Firms like Harbour, Arisaig and Baillie Gifford have taken a step beyond ESG and have launched their own impact investing funds designed to deliver dual outcomes, by making meaningful positive impacts measured against the UN’s Sustainable Development Goals (SDGs), as well as outperforming financially. 

The diverse range of investors now demanding ESG investment options beyond merely exclusions requires a diverse range of ESG investment products and communications strategies to suit their needs.

As market regulators introduce new guidelines, asset managers are coming to terms with the myriad evolving rules on reporting and disclosure. Even their investee companies have to adapt to the guidelines. 

As a Certified B Corporation – companies which are certified for their environmental and social performance – outdoor retailer Kathmandu Brands Group has aligned itself with the SDGs. MercadoLibre promotes financial inclusion in Latin America, while Taiwan’s global semiconductor giant TSMC has committed publicly to ESG goals and the SDGs with key metrics which it plans to track on an ongoing basis. The SDGs are increasingly seen as the gold standard for ESG and impact integration.

Communication is key 

Sustainability and ESG are thriving despite the turbulent geopolitical environment, market volatility, inflationary fears and their collective impact across world markets. Institutional investors, pension funds, endowments, foundations, family offices and private investors, are allocating capital to asset managers for ESG. 

However, ESG investing is neither well defined nor consistent. Until ESG ratings and audits are regulated uniformly, there exists the risk of fund washing or greenwashing – or at least the perception thereof. 

For the sake of their institutional prospects and clients, asset managers must design and implement a clear ESG communication strategy. These stakeholders are taking a greater interest in how asset managers address ESG issues. An asset management firm’s ownership structure, and the manner by which its investment committee members debate issues. can show evidence of the contribution of ESG analysis to outperformance. 

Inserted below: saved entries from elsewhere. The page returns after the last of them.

(* Let $A$ be a finite set, $\rho\subseteq A^n$ a key relation, and $\boldsymbol f=(f_1,\dots,f_n)$ a vector-function of arity $m$ (each $f_i:A^m\to A$) which preserves $\rho$. Then $\boldsymbol f$ preserves $\mathrm{Key}(\rho)$.
   Context: A unary vector-function is a tuple $\Psi=(\psi_1,\dots,\psi_n)$ of maps $\psi_i:A\to A$ acting coordinatewise; it preserves $\rho$ if $\Psi(\rho)\subseteq\rho$. $\rho$ is a key relation if there is $\beta\in A^n\setminus\rho$ (a key tuple) such that every $\alpha\in A^n\setminus\rho$ is mapped to $\beta$ by some unary vector-function preserving $\rho$. $\mathrm{Key}(\rho)$ is $\rho$ together with all key tuples for $\rho$. An $m$-ary vector-function $(f_1,\dots,f_n)$ preserves a relation $\tau\subseteq A^n$ if for all $\alpha^1,\dots,\alpha^m\in\tau$ the tuple $(f_1(\alpha^1(1),\dots,\alpha^m(1)),\dots,f_n(\alpha^1(n),\dots,\alpha^m(n)))$ lies in $\tau$. *)

From mathcomp Require Import all_boot.
Set Implicit Arguments. Unset Strict Implicit. Unset Printing Implicit Defensive.

Notation tup A n := {ffun 'I_n -> A}.

Definition uvapp (A : finType) (n : nat) (psi : 'I_n -> A -> A) (a : tup A n)
  : tup A n := [ffun i => psi i (a i)].

Definition upreserves (A : finType) (n : nat) (psi : 'I_n -> A -> A)
  (rho : {set tup A n}) : Prop :=
  forall a, a \in rho -> uvapp psi a \in rho.

Definition is_key_tuple (A : finType) (n : nat) (rho : {set tup A n})
  (b : tup A n) : Prop :=
  b \notin rho /\
  forall a, a \notin rho ->
    exists psi : 'I_n -> A -> A, upreserves psi rho /\ uvapp psi a = b.

Definition key_relation (A : finType) (n : nat) (rho : {set tup A n}) : Prop :=
  exists b, is_key_tuple rho b.

Definition Key (A : finType) (n : nat) (rho : {set tup A n}) : tup A n -> Prop :=
  fun b => b \in rho \/ is_key_tuple rho b.

Definition vapp (A : finType) (n m : nat) (f : 'I_n -> ({ffun 'I_m -> A} -> A))
  (alpha : 'I_m -> tup A n) : tup A n :=
  [ffun i => f i [ffun j => alpha j i]].

Definition vpreserves (A : finType) (n m : nat)
  (f : 'I_n -> ({ffun 'I_m -> A} -> A)) (tau : tup A n -> Prop) : Prop :=
  forall alpha : 'I_m -> tup A n, (forall j, tau (alpha j)) -> tau (vapp f alpha).

From mathcomp Require Import all_boot.
From Stdlib Require Import ClassicalEpsilon.

Set Implicit Arguments.
Unset Strict Implicit.

(* A key tuple b can be sent into every tuple of Key(rho) by a unary
   vector-function preserving rho (constant maps reach rho itself).  Choosing
   such a Psi_j for each argument alpha^j of f and composing coordinatewise with
   f yields a rho-preserving unary vector-function Phi with Phi(b) = f(alpha).
   If f(alpha) lies outside rho, then every tuple outside rho reaches b and
   hence f(alpha), so f(alpha) is itself a key tuple. *)

Section UnaryVectorFunctions.

Variables (A : finType) (n : nat).
Implicit Types (rho : {set tup A n}) (psi : 'I_n -> A -> A).

Lemma uvapp_comp (p q : 'I_n -> A -> A) (a : tup A n) :
  uvapp (fun i x => p i (q i x)) a = uvapp p (uvapp q a).
Proof. by apply/ffunP => i; rewrite !ffunE. Qed.

Lemma upreserves_comp rho (p q : 'I_n -> A -> A) :
  upreserves p rho -> upreserves q rho -> upreserves (fun i x => p i (q i x)) rho.
Proof. by move=> pP qP a arho; rewrite uvapp_comp; apply/pP/qP. Qed.

Lemma uvapp_const (c a : tup A n) : uvapp (fun i _ => c i) a = c.
Proof. by apply/ffunP => i; rewrite ffunE. Qed.

Lemma upreserves_const rho (c : tup A n) :
  c \in rho -> upreserves (fun i _ => c i) rho.
Proof. by move=> crho a _; rewrite uvapp_const. Qed.

Lemma key_tuple_reaches_Key rho (b c : tup A n) :
  is_key_tuple rho b -> Key rho c ->
  exists psi, upreserves psi rho /\ uvapp psi b = c.
Proof.
move=> [bNrho _] [crho | [cNrho ckey]]; last exact: ckey.
by exists (fun i _ => c i); split; [exact: upreserves_const | exact: uvapp_const].
Qed.

Lemma key_tuple_image rho psi (b : tup A n) :
  is_key_tuple rho b -> upreserves psi rho ->
  uvapp psi b \notin rho -> is_key_tuple rho (uvapp psi b).
Proof.
move=> [_ bkey] psiP imNrho; split=> // a aNrho.
have [q [qP qa]] := bkey a aNrho.
exists (fun i x => psi i (q i x)); split; first exact: upreserves_comp.
by rewrite uvapp_comp qa.
Qed.

End UnaryVectorFunctions.

Section VectorFunctions.

Variables (A : finType) (n m : nat) (f : 'I_n -> ({ffun 'I_m -> A} -> A)).

Lemma eq_vapp (alpha beta : 'I_m -> tup A n) :
  (forall j, alpha j = beta j) -> vapp f alpha = vapp f beta.
Proof.
move=> eq_ab; apply/ffunP => i; rewrite !ffunE; congr (f i _).
by apply/ffunP => j; rewrite !ffunE eq_ab.
Qed.

Definition vcomp (Psi : 'I_m -> 'I_n -> A -> A) : 'I_n -> A -> A :=
  fun i x => f i [ffun j => Psi j i x].

Lemma uvapp_vcomp (Psi : 'I_m -> 'I_n -> A -> A) (a : tup A n) :
  uvapp (vcomp Psi) a = vapp f (fun j => uvapp (Psi j) a).
Proof.
apply/ffunP => i; rewrite !ffunE; congr (f i _).
by apply/ffunP => j; rewrite !ffunE.
Qed.

Lemma upreserves_vcomp (rho : {set tup A n}) (Psi : 'I_m -> 'I_n -> A -> A) :
  vpreserves f (fun a => a \in rho) -> (forall j, upreserves (Psi j) rho) ->
  upreserves (vcomp Psi) rho.
Proof. by move=> fP PsiP a arho; rewrite uvapp_vcomp; apply: fP => j; apply: PsiP. Qed.

End VectorFunctions.

Lemma fun_choice (I T : Type) (P : I -> T -> Prop) :
  (forall i, exists x, P i x) -> exists g : I -> T, forall i, P i (g i).
Proof.
move=> exP; exists (fun i => proj1_sig (constructive_indefinite_description _ (exP i))).
by move=> i; case: constructive_indefinite_description.
Qed.

Theorem mainTheorem19 (A : finType) (n m : nat) (rho : {set {ffun 'I_n -> A}})
  (f : 'I_n -> ({ffun 'I_m -> A} -> A)) :
  key_relation rho ->
  vpreserves f (fun a => a \in rho) ->
  vpreserves f (Key rho).
Proof.
move=> [b bkey] fP alpha alphaKey.
have [Psi PsiP] : exists Psi : 'I_m -> 'I_n -> A -> A,
    forall j, upreserves (Psi j) rho /\ uvapp (Psi j) b = alpha j.
  apply: (@fun_choice _ _ (fun j psi => upreserves psi rho /\ uvapp psi b = alpha j)).
  by move=> j; apply: key_tuple_reaches_Key.
have PhiP : upreserves (vcomp f Psi) rho.
  by apply: upreserves_vcomp => // j; case: (PsiP j).
have Phib : uvapp (vcomp f Psi) b = vapp f alpha.
  by rewrite uvapp_vcomp; apply: eq_vapp => j; case: (PsiP j).
have [fa_rho | fa_Nrho] := boolP (vapp f alpha \in rho); first by left.
by right; rewrite -Phib; apply: (key_tuple_image bkey PhiP); rewrite Phib.
Qed.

Once the firm defines what key metrics, ESG data and reporting solutions are important, it must choose which platforms to use to communicate the story. This is no easy task. While ESG data is more widely available, even in a market of consolidating providers, the results often contradict each other. It boils down to how well managers can align their strategy to how ESG assessments add value to their processes; they can then focus on tailoring client reporting to present this data. 

Stakeholders are increasingly pushing for better transparency, which would allow them to compare and contrast one asset manager’s ESG blueprints and investment offerings with another. 

There is growing demand for better communication and clarity as to how ESG supports an asset manager’s sustainable investment returns profile. At the heart of this is a clearly articulated ESG story to share with investors, prospects and internal stakeholders. 

The clarion call for better ESG disclosure comes alongside a sense of “ESG fatigue”, which some observers argue leaves institutions confused by conflicting vocabulary and varied taxonomy, and by the increasing number of asset managers who assert they have long integrated ESG in their respective investment processes. However, this temporary fatigue will not stop the direction of travel.